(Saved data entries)
▶
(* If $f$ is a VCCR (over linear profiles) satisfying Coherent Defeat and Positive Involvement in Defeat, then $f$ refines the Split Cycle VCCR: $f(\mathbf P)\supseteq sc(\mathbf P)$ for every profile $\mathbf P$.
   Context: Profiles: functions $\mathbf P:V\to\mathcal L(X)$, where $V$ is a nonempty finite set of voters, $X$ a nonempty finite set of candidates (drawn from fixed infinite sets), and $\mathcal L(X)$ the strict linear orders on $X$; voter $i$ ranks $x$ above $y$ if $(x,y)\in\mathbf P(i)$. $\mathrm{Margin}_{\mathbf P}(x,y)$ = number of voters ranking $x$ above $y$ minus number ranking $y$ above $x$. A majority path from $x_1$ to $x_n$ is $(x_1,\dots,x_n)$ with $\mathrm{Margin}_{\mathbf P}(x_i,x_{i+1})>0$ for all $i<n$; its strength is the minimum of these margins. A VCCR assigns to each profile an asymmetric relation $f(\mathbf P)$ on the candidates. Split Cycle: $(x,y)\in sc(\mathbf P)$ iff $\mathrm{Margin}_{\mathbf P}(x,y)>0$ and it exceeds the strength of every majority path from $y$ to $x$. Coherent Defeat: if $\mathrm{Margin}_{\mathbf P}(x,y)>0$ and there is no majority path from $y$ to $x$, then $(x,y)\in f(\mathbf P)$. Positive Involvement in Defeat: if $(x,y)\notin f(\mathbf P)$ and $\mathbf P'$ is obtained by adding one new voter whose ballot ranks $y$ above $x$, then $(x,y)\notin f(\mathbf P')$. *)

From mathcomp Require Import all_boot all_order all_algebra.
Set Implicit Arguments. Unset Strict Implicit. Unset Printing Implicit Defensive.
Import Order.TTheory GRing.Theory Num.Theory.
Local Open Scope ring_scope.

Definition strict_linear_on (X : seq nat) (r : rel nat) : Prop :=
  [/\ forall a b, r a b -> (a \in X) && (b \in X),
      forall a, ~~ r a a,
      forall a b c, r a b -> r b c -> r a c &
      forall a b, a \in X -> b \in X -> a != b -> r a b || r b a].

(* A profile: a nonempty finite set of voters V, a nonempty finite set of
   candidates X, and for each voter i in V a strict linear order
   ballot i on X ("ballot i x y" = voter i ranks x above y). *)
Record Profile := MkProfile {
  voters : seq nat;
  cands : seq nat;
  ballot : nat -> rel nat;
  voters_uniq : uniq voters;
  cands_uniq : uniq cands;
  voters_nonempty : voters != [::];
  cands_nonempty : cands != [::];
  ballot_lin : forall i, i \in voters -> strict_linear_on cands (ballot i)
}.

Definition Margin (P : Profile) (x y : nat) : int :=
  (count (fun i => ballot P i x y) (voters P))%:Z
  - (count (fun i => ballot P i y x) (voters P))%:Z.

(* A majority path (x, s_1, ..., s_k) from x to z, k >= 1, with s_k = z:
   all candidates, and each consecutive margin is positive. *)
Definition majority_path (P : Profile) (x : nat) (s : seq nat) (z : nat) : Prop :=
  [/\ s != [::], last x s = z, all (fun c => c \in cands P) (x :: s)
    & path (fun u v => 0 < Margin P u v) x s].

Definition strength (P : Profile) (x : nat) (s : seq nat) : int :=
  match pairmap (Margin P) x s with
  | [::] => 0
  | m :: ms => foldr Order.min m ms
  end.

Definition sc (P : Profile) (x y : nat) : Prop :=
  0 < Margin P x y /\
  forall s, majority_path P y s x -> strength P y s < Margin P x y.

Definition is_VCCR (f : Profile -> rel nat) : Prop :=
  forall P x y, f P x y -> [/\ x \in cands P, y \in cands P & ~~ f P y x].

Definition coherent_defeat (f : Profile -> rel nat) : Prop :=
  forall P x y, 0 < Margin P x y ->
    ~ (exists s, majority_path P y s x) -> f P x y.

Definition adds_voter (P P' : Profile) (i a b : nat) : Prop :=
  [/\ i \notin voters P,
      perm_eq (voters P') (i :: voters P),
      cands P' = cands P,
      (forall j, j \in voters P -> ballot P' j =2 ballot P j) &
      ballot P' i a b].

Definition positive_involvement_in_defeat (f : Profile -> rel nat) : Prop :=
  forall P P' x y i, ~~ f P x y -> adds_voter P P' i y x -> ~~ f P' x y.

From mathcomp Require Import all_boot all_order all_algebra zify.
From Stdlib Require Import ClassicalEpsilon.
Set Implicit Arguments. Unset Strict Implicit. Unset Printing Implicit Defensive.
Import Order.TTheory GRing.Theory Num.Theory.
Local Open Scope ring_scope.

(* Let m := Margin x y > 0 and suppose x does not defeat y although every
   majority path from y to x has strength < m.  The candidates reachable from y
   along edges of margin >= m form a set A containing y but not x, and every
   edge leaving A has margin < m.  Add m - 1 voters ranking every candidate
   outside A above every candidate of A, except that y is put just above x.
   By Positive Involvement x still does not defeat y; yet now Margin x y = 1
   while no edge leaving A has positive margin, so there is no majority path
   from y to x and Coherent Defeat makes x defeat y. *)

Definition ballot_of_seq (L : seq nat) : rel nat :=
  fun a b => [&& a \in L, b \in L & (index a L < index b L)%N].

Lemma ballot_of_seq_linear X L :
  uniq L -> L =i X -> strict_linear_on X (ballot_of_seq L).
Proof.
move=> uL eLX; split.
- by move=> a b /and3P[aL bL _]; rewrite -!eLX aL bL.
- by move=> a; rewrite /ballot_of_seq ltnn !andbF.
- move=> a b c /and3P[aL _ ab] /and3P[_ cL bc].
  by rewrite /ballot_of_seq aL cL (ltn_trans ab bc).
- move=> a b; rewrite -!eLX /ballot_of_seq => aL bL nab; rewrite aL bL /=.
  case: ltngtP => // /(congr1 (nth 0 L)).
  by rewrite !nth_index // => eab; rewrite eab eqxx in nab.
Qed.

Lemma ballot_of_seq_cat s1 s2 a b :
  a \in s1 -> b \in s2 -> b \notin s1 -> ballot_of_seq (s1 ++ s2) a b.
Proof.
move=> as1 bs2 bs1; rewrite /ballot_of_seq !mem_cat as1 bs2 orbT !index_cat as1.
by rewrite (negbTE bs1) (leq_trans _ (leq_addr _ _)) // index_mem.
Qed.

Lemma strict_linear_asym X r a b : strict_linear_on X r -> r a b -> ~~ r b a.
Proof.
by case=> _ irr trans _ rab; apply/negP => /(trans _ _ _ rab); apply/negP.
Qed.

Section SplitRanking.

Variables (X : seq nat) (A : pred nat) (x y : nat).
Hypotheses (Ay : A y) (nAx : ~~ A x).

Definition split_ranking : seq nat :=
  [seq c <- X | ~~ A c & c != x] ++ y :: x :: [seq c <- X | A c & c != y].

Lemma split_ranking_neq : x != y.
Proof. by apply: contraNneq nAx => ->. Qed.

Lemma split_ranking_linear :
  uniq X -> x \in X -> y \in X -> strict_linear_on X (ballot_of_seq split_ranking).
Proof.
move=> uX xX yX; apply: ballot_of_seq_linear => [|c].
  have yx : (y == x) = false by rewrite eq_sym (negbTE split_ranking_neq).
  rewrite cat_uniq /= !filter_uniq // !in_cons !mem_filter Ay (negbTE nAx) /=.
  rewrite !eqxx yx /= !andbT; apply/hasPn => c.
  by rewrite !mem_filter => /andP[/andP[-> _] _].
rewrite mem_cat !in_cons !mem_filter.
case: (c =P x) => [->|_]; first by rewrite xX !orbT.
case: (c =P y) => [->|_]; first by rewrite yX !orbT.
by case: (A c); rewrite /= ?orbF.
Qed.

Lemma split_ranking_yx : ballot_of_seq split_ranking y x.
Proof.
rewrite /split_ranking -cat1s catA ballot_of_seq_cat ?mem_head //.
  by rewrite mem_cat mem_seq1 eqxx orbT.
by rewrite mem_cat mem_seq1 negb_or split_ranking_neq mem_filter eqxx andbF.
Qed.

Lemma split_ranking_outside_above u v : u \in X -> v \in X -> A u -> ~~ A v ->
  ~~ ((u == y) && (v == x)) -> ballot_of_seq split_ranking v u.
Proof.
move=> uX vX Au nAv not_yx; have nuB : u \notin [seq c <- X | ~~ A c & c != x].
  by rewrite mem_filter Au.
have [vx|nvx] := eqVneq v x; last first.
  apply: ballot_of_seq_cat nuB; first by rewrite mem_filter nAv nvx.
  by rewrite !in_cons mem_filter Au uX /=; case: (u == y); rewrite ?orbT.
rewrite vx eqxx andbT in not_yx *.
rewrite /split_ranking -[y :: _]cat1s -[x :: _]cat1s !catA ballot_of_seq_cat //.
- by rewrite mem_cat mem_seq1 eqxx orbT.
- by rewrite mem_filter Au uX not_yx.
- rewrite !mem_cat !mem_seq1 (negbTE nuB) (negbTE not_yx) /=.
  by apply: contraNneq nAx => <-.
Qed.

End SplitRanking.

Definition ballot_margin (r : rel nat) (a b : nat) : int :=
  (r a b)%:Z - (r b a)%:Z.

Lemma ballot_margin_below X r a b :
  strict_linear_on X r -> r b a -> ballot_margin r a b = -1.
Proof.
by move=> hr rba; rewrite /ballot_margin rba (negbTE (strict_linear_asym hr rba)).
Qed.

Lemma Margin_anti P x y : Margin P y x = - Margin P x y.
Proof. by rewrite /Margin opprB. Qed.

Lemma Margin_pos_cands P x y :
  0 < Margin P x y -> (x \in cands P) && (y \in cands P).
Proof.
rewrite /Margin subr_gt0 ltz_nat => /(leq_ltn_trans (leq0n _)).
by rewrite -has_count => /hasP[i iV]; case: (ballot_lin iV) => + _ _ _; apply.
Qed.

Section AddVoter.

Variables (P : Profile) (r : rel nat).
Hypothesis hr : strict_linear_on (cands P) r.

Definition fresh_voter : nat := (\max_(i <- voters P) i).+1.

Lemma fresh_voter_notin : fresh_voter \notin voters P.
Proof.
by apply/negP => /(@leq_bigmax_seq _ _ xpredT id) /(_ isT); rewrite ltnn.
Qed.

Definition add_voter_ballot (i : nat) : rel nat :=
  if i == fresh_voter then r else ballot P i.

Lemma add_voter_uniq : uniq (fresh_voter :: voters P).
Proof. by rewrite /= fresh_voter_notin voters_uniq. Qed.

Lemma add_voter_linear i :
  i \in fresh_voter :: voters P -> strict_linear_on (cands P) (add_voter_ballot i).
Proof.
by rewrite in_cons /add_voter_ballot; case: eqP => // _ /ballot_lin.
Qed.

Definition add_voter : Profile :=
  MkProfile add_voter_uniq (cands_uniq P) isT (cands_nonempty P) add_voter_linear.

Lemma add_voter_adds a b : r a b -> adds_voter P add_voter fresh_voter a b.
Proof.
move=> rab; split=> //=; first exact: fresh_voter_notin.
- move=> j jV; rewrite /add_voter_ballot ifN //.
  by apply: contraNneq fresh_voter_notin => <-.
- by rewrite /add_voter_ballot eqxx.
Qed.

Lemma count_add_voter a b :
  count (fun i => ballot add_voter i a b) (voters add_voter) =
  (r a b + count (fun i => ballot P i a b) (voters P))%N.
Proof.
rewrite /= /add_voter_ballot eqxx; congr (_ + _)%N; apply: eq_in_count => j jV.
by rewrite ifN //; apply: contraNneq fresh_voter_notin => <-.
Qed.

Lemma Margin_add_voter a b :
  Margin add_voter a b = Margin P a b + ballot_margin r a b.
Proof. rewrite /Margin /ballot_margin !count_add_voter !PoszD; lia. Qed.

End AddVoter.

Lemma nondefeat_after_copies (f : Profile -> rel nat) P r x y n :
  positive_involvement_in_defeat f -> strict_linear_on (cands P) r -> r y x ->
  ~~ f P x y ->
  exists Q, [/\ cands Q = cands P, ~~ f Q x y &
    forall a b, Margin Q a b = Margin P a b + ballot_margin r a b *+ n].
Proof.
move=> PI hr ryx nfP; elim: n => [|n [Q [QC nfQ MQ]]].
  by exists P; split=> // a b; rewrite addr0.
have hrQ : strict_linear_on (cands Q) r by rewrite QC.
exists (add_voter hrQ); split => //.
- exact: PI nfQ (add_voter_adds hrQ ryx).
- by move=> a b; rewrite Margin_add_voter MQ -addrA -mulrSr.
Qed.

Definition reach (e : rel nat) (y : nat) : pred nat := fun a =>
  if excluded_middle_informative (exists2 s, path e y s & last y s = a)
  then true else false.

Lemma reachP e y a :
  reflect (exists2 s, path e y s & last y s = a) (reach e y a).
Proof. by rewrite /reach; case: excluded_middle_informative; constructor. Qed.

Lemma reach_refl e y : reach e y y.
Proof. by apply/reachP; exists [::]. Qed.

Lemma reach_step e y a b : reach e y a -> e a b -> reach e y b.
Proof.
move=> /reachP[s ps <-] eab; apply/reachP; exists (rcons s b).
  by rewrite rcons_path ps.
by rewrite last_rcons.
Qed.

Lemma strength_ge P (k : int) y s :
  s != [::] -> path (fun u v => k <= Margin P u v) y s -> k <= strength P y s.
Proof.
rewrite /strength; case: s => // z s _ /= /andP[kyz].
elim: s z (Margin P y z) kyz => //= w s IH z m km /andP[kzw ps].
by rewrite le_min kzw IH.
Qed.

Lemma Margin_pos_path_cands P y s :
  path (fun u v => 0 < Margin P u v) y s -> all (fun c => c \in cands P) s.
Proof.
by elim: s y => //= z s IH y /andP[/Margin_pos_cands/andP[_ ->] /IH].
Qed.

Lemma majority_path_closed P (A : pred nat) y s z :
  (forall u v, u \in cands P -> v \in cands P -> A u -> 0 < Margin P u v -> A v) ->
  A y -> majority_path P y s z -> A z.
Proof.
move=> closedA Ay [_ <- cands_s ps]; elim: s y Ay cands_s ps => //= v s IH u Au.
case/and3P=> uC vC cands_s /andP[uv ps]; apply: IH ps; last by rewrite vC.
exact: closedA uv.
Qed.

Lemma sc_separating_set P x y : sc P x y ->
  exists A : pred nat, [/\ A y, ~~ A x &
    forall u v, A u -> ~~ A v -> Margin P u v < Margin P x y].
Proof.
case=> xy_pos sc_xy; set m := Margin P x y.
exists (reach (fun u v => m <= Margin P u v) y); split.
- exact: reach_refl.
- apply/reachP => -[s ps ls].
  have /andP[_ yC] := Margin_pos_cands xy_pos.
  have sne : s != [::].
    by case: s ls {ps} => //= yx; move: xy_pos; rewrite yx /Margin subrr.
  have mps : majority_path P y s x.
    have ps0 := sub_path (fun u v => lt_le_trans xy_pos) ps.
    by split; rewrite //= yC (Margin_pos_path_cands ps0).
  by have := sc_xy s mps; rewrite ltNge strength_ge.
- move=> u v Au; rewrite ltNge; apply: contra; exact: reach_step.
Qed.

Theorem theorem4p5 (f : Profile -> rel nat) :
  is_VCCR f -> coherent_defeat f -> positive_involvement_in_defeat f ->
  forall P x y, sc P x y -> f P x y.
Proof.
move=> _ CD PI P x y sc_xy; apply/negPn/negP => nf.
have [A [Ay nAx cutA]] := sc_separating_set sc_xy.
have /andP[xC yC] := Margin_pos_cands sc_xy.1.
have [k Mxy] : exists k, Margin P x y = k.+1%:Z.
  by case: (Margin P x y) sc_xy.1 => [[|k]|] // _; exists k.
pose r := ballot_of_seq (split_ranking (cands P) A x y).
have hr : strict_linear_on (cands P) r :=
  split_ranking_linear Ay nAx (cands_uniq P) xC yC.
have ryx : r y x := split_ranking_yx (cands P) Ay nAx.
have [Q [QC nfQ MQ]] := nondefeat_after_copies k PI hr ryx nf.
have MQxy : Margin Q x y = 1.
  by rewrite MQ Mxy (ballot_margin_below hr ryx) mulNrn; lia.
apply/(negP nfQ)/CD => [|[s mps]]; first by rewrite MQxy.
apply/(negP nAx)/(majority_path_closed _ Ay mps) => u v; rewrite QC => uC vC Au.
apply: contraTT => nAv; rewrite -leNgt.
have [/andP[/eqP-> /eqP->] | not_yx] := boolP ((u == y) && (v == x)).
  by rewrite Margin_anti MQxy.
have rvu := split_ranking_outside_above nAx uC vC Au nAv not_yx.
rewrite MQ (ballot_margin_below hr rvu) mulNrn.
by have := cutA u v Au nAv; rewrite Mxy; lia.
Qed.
◀
• _TASK GOAL_: Go through the entries above and pull out each line with "negP" in it.

• _EXERCISE RESULT_:
by case=> _ irr trans _ rab; apply/negP => /(trans _ _ _ rab); apply/negP.
by apply/negP => /(@leq_bigmax_seq _ _ xpredT id) /(_ isT); rewrite ltnn.
move=> _ CD PI P x y sc_xy; apply/negPn/negP => nf.
apply/(negP nfQ)/CD => [|[s mps]]; first by rewrite MQxy.
apply/(negP nAx)/(majority_path_closed _ Ay mps) => u v; rewrite QC => uC vC Au.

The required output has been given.